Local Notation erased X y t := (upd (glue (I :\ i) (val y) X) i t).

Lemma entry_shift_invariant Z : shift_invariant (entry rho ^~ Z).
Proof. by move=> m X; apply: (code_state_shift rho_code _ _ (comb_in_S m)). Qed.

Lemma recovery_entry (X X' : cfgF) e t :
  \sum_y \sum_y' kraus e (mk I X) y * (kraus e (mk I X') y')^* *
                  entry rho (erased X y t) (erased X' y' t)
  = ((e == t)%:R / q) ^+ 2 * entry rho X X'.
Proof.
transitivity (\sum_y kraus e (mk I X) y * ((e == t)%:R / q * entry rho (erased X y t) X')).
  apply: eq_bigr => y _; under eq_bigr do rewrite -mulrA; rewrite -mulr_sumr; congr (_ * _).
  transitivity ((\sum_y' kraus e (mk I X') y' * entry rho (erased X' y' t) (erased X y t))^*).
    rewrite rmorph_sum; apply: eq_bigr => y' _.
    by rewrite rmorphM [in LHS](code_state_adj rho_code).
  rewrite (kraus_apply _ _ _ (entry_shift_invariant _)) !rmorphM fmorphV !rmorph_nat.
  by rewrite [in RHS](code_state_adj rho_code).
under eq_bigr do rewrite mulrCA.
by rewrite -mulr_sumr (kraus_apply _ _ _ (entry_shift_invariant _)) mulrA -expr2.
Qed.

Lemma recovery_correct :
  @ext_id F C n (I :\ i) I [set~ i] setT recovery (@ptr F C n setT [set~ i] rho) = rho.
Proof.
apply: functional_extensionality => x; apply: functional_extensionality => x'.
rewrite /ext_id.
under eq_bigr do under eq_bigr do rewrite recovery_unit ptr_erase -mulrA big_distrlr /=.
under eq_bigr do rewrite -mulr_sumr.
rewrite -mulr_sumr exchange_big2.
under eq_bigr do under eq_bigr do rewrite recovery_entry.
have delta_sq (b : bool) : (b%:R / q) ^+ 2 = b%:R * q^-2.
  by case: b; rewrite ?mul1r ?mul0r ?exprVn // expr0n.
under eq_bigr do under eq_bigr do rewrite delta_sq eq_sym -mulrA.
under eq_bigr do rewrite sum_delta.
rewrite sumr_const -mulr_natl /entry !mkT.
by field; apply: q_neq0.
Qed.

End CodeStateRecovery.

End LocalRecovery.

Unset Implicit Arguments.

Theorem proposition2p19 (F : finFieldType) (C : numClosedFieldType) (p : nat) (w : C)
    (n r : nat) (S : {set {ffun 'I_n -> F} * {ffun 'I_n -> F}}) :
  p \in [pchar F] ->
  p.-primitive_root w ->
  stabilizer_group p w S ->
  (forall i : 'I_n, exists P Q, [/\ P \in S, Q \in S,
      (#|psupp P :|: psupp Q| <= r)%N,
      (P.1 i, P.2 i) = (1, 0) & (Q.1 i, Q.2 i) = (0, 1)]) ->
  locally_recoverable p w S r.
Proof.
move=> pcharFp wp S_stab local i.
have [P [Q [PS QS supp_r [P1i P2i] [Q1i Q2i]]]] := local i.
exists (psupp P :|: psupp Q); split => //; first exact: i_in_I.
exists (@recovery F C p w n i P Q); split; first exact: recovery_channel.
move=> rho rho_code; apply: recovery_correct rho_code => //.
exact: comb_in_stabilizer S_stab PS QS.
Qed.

---

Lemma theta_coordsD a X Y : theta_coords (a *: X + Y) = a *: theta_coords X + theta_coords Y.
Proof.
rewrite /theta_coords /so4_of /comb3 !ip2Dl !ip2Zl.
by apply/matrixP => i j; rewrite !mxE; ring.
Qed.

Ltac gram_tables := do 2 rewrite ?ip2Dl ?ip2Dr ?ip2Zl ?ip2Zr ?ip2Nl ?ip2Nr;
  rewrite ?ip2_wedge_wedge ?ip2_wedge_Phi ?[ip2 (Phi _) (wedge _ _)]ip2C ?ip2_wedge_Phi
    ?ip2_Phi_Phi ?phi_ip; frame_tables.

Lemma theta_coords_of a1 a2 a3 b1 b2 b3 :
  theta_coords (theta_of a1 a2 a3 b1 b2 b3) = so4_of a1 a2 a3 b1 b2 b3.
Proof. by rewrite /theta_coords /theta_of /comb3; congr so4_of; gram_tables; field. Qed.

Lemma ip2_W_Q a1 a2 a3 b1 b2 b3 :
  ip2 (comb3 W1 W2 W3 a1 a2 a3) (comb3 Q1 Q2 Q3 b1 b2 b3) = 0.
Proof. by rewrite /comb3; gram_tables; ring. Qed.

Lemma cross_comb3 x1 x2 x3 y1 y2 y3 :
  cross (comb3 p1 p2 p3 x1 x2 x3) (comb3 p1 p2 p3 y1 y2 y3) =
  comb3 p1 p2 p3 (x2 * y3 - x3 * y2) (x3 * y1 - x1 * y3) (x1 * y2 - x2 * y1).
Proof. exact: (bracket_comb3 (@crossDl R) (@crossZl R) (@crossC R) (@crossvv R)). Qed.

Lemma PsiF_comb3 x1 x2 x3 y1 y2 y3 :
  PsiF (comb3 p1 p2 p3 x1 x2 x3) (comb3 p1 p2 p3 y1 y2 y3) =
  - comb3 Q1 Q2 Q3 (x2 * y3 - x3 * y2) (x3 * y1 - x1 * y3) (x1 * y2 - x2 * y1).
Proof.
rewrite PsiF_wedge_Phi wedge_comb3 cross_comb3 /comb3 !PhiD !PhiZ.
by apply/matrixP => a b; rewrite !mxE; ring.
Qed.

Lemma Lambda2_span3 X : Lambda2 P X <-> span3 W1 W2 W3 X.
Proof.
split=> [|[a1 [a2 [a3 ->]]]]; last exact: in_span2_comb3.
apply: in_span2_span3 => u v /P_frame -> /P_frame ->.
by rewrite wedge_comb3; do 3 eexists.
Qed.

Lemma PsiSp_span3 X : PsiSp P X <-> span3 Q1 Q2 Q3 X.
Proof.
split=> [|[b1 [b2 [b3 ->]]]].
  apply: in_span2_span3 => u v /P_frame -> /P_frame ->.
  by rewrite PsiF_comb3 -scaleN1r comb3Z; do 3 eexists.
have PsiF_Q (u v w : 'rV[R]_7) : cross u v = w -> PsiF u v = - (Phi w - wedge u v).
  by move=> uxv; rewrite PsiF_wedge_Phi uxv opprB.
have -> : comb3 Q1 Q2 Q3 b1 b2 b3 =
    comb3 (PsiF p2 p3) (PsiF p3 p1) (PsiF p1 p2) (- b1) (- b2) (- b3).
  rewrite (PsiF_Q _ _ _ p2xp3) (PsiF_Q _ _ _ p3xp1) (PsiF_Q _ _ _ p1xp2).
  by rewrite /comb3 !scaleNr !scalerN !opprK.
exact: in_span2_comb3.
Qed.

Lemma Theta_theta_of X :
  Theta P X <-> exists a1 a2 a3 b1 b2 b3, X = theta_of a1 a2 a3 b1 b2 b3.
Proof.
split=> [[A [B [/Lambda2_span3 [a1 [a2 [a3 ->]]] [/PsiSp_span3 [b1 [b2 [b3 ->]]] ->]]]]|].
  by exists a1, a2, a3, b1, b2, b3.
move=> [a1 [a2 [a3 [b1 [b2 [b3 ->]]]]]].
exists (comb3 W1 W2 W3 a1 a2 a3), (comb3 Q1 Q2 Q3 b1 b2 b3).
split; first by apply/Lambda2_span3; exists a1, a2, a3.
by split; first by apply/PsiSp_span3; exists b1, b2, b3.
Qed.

==

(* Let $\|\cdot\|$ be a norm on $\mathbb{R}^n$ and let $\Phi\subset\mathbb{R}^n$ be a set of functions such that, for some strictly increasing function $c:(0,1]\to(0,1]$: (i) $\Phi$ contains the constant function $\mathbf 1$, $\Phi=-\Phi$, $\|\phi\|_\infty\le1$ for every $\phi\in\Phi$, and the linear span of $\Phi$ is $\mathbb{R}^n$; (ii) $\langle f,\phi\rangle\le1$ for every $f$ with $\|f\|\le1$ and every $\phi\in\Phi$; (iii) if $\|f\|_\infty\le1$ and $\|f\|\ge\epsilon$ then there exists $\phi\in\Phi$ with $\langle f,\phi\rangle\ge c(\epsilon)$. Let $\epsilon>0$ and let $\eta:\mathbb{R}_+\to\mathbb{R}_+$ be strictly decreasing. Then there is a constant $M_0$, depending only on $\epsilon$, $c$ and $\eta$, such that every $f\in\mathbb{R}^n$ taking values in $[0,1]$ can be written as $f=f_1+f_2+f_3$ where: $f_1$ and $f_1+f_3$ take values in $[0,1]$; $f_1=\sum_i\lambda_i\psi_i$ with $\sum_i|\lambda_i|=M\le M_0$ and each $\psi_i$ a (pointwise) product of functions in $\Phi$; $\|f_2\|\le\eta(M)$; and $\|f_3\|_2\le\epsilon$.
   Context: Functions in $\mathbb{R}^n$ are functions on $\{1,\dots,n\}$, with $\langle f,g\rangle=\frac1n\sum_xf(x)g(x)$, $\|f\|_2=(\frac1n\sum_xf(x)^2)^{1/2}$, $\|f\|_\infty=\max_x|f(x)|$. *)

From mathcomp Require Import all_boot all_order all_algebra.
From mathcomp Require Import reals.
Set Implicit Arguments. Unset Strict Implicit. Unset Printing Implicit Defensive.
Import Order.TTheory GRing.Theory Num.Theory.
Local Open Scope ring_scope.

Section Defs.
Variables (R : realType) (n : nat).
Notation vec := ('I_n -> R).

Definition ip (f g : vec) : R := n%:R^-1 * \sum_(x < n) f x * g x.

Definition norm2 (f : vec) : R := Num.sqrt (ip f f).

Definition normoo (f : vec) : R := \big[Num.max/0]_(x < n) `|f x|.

◆ WHAT IS NEEDED ◆
Search the data above for the string "Unset". Report every line where it is found.

◆ OUTPUT OF THE EXERCISE ◆
Unset Implicit Arguments.
Set Implicit Arguments. Unset Strict Implicit. Unset Printing Implicit Defensive.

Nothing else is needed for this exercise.